After tuning the maximum iterations (`max_iter`) and adjusting tolerance (`tol`) for convergence, we obtained the following results for Ridge, Lasso, and ElasticNet:

- **Ridge Regression**:
  - Mean Absolute Error (MAE): *19,006*
  - R-squared (R²): *0.883*

- **Lasso Regression**:
  - Mean Absolute Error (MAE): *18,012*
  - R-squared (R²): *0.895*

- **ElasticNet Regression**:
  - Mean Absolute Error (MAE): *18,645*
  - R-squared (R²): *0.867*

### Analysis

- **Ridge Regression**:
  Ridge regression, with an MAE of 19,006 and R² of 0.883, performed well and reduces overfitting by applying L2 regularization. However, compared to Lasso, it did not perform as strongly on this dataset. 

- **Lasso Regression**:
  Lasso performed the best, with an MAE of 18,012 and R² of 0.895, indicating that it captures around **89.5%** of the variance in the house prices. The L1 regularization in Lasso likely led to better feature selection by driving irrelevant coefficients to zero.
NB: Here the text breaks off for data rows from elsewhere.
Lemma Ex_mulind_indep Y A C : measurable A -> measurable C -> integrableR P Y ->
  (forall B, measurable B ->
     P (Y @^-1` B `&` (A `&` C)) = ((Pr P C)%:E * P (Y @^-1` B `&` A))%E) ->
  Ex P (fun w => Y w * ind (A `&` C) w) = Pr P C * Ex P (fun w => Y w * ind A w).
Proof.
(* The law of [Y] on [A `&` C] is [Pr P C] times its law on [A]. *)
move=> mA mC hY indepYC; have mY := integrableR_measurable hY.
have mAC := measurableI _ _ mA mC.
apply: EFin_inj; rewrite EFinM !Ex_mulind_pushforward //.
rewrite (eq_measure_integral (mscale (NngNum (Pr_ge0 P C))
  (pushforward (mrestr P mA) Y))); last first.
  by move=> B mB _; rewrite /= /mscale /pushforward /mrestr /=; exact: indepYC.
have hYA : (mrestr P mA).-integrable (Y @^-1` setT) (EFin \o Y).
  by rewrite preimage_setT; exact: integrable_mrestr.
by rewrite integral_mscale //; apply: (integrable_pushforward mY).
Qed.
End Independence.

Section Model.
Context {R : realType} {d : measure_display} {Omega : measurableType d}.
Variables (P : probability Omega R) (L : nat).
Variables (Y0 Y1 : Omega -> R) (Dt : Omega -> ctype L) (Z : Omega -> ivec L).
Hypothesis reg : model_regular P Y0 Y1 Dt Z.

Local Notation Yo := (Yobs Y0 Y1 Dt Z).
Local Notation Do w := (bR (Dobs Dt Z w)).

Definition type_set (t : ctype L) : set Omega := [set w | Dt w = t].
Definition instr_set (z : ivec L) : set Omega := [set w | Z w = z].
Definition cell t z := type_set t `&` instr_set z.
Definition pz (z : ivec L) := Pr P (instr_set z).
Definition Ex_type (Y : Omega -> R) t := Ex P (fun w => Y w * ind (type_set t) w).

Lemma measurable_type_set t : measurable (type_set t).
Proof. by case: reg => _ [_ [mDt _]]; exact: mDt. Qed.

Lemma measurable_instr_set z : measurable (instr_set z).
Proof. by case: reg => _ [_ [_ mZ]]; exact: mZ. Qed.

Lemma measurable_cell t z : measurable (cell t z).
Proof. exact: measurableI (measurable_type_set t) (measurable_instr_set z). Qed.

Lemma integrable_Y0 : integrableR P Y0. Proof. by case: reg. Qed.

Lemma integrable_Y1 : integrableR P Y1. Proof. by case: reg => _ []. Qed.

Lemma measurable_Zev l b : measurable (Zev Z l b).
Proof.
have -> : Zev Z l b = \bigcup_(z in [set z : ivec L | z l = b]) instr_set z.
  apply/seteqP; split => [w /= Zl|w [z /= zl Zz]]; first by exists (Z w).
  by move: Zz; rewrite /instr_set /Zev /= => ->.
apply: fin_bigcup_measurable; first exact: finite_finset.
by move=> z _; exact: measurable_instr_set.
Qed.

Lemma ind_Zev l b w : ind (Zev Z l b) w = (Z w l == b)%:R :> R.
Proof. by rewrite /ind; congr bR; apply/asboolP/eqP. Qed.

Lemma ind_instr_set z w : ind (instr_set z) w = (Z w == z)%:R :> R.
Proof. by rewrite /ind /instr_set; congr bR; apply/asboolP/eqP. Qed.

Lemma ind_cell t z w : ind (cell t z) w = ((t == Dt w) && (z == Z w))%:R :> R.
Proof.
by rewrite /ind; congr bR; apply/asboolP/andP => [[/= -> ->]|[/eqP-> /eqP->]].
Qed.

Lemma cell_decomposition (c : ctype L -> ivec L -> R) Y w :
  c (Dt w) (Z w) * Y w = \sum_t \sum_z c t z * (Y w * ind (cell t z) w).
Proof.
transitivity (\sum_(t | t == Dt w) \sum_(z | z == Z w) c t z * Y w).
  by rewrite !big_pred1_eq.
rewrite big_mkcond; apply: eq_bigr => t _.
have [->|/negbTE tD] := eqVneq t (Dt w); last first.
  by rewrite big1 // => z _; rewrite ind_cell tD mulr0 mulr0.
rewrite big_mkcond; apply: eq_bigr => z _; rewrite ind_cell eqxx /=.
by case: eqP; rewrite ?mulr1 ?mulr0.
Qed.

Lemma integrableR_cells c Y : integrableR P Y ->
  integrableR P (fun w => c (Dt w) (Z w) * Y w).
Proof.
move=> hY; rewrite (funext (cell_decomposition c Y)).
apply: integrableR_sum => t; apply: integrableR_sum => z.
exact/integrableR_scale/integrableR_mulind/measurable_cell.
Qed.
(* Write Hom_{<=j} for Hom_0(X) + ... + Hom_j(X). The product of two
   generators f_z, f_z' is a sum of generators f_z3 with
   d(u0,z3) = d - rank (u0 :&: z :&: z') <= d(u0,z) + d(u0,z'). Indeed, if
   x lies beyond both z and z' as seen from u0, exactly one such z3 lies
   beyond z and z' and before x, namely <<A + x :&: A^perp>> where
   A = u0 :&: z :&: z'. Hence h^2 lies in Hom_{<=2e} whenever h lies in
   Hom_{<=e}. If such an h vanishes on Y, the design identity for h^2 has a
   vanishing right-hand side, while its left-hand side is a positively
   weighted sum of the sums of h^2 over the shells met by Y; so h vanishes
   on S. Restriction to Y is therefore injective on
   Hom_0(S) + ... + Hom_e(S), and the bound follows. *)

Lemma mx11_tr (R : Type) (P : 'M[R]_1) : P^T 0 0 = P 0 0.
Proof. by rewrite mxE. Qed.

Lemma mx11D (V : nmodType) (P Q : 'M[V]_1) : (P + Q) 0 0 = P 0 0 + Q 0 0.
Proof. by rewrite mxE. Qed.

Lemma rank_ge_sub (F : fieldType) m1 m2 n (A : 'M[F]_(m1, n)) (B : 'M[F]_(m2, n)) :
  (A <= B)%MS -> (\rank B <= \rank A)%N -> (B <= A)%MS.
Proof. by move=> sAB leBA; rewrite -(mxrank_leqif_sup sAB).2 eqn_leq mxrankS. Qed.

Lemma map_mx_idfun (R : nzRingType) m1 m2 (A : 'M[R]_(m1, m2)) :
  map_mx (idfun : {rmorphism R -> R}) A = A.
Proof. exact: map_mx_id. Qed.
(* Let $k\ge2$, $1\le m<k$, and alternatives $\ell=1,\dots,k$ with i.i.d. replications (independent across alternatives) whose means are pairwise distinct and ordered $\mu_{\langle 1\rangle}>\dots>\mu_{\langle k\rangle}$, satisfying Assumptions 1–4 of the context, and let $G_{ij}$ be as in the context. Let $r^*=(r^*_{\langle1\rangle},\dots,r^*_{\langle k\rangle})$ be an optimal solution of maximize $\min_{i\in\{1,\dots,m\},j\in\{m+1,\dots,k\}}G_{ij}(r_{\langle i\rangle},r_{\langle j\rangle})$ subject to $\sum_{\ell=1}^kr_{\langle\ell\rangle}=1$, $r_{\langle\ell\rangle}\ge0$. Then for all $h\in\{1,\dots,m\}$ and $\ell\in\{m+1,\dots,k\}$, $\min_{j\in\{m+1,\dots,k\}}G_{hj}(r^*_{\langle h\rangle},r^*_{\langle j\rangle})=\min_{i\in\{1,\dots,m\}}G_{i\ell}(r^*_{\langle i\rangle},r^*_{\langle \ell\rangle})$.
   Context: $G_{ij}(r_{\langle i\rangle},r_{\langle j\rangle})=\inf_{x\in\mathbb R}\big(r_{\langle i\rangle}\Lambda^*_{\langle i\rangle}(x)+r_{\langle j\rangle}\Lambda^*_{\langle j\rangle}(x)\big)$ (the large deviations rate of the event $\bar X_{\langle j\rangle}(r_{\langle j\rangle}T)\ge\bar X_{\langle i\rangle}(r_{\langle i\rangle}T)$), where $\Lambda^*_\ell(x)=\sup_\lambda\{\lambda x-\Lambda_\ell(\lambda)\}$. $\bar X_\ell(n)$ is the sample mean of $n$ replications of alternative $\ell$, $\Lambda^{(n)}_\ell(\lambda)=\log\mathbb E[e^{\lambda\bar X_\ell(n)}]$. Assumption 1: $\Lambda_\ell(\lambda)=\lim_{n\to\infty}\frac1n\Lambda^{(n)}_\ell(n\lambda)$ exists as an extended real number for all $\lambda$. With $\mathcal D_{\Lambda_\ell}=\{\lambda:\Lambda_\ell(\lambda)<\infty\}$, interior $\mathcal D^o_{\Lambda_\ell}$, and $\mathcal F_\ell=\{\Lambda'_\ell(\lambda):\lambda\in\mathcal D^o_{\Lambda_\ell}\}$, interior $\mathcal F^o_\ell$: Assumption 2: $0\in\mathcal D^o_{\Lambda_\ell}$. Assumption 3: $\Lambda_\ell$ strictly convex, continuous on $\mathcal D^o_{\Lambda_\ell}$ and steep. Assumption 4: $[\mu_{\langle k\rangle},\mu_{\langle1\rangle}]\subset\bigcap_\ell\mathcal F^o_\ell$. *)

From HB Require Import structures.
From mathcomp Require Import all_boot all_order all_algebra.
From mathcomp Require Import all_classical all_reals all_analysis.
Set Implicit Arguments. Unset Strict Implicit. Unset Printing Implicit Defensive.
Import Order.TTheory GRing.Theory Num.Theory.
Import numFieldNormedType.Exports.
Local Open Scope classical_set_scope.
Local Open Scope ring_scope.

Section Defs.
Context {R : realType}.

Definition mutual_indep {d} {T : measurableType d} (P : probability T R)
  {I : eqType} (X : I -> {RV P >-> R}) : Prop :=
  forall (s : seq I) (B : I -> set R), uniq s -> (forall i, measurable (B i)) ->
    P (\big[setI/setT]_(i <- s) (X i @^-1` B i))
    = (\prod_(i <- s) P (X i @^-1` B i))%E.

Definition LambdaN {d} {T : measurableType d} (P : probability T R)
  (Y : nat -> T -> R) (n : nat) (lam : R) : \bar R :=
  lne (\int[P]_w (expR (lam * ((n%:R)^-1 * \sum_(t < n) Y t w)))%:E)%E.

Definition dom_eff (L : R -> \bar R) : set R := [set lam | (L lam < +oo)%E].

Definition dLam (L : R -> \bar R) : R -> R := derive1 (fun x => fine (L x)).

Definition Fset (L : R -> \bar R) : set R := dLam L @` interior (dom_eff L).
- **ElasticNet Regression**:
  ElasticNet, with an MAE of 18,645 and R² of 0.867, provided a balance between L1 and L2 regularization but still underperformed compared to Lasso. Fine-tuning the **l1_ratio** or **alpha** could improve its performance.


## Conclusion

### Conclusion:
- **Lasso Regression** outperformed both Ridge and ElasticNet, achieving the lowest Mean Absolute Error (18,012) and highest R² (0.895).
- **Ridge Regression** provided a solid performance, reducing overfitting with L2 regularization, but with slightly higher error (MAE: 19,006).
- **ElasticNet Regression** showed balanced regularization but underperformed compared to Lasso, with an MAE of 18,645 and R² of 0.867.

### Next Possible Steps:
1. **Hyperparameter Tuning**: Further fine-tuning **alpha** and **l1_ratio** in ElasticNet may improve its performance.
2. **Cross-Validation**: Perform cross-validation to ensure that the models generalize well to unseen data.
3. **Feature Engineering**: Consider creating interaction features or addressing skewness in numerical variables to improve predictions.
4. **Model Comparison**: Explore more advanced models like **Random Forest** or **XGBoost** to handle non-linear relationships in the dataset.

By further tuning and exploring these models, we can improve accuracy and reduce the error margin.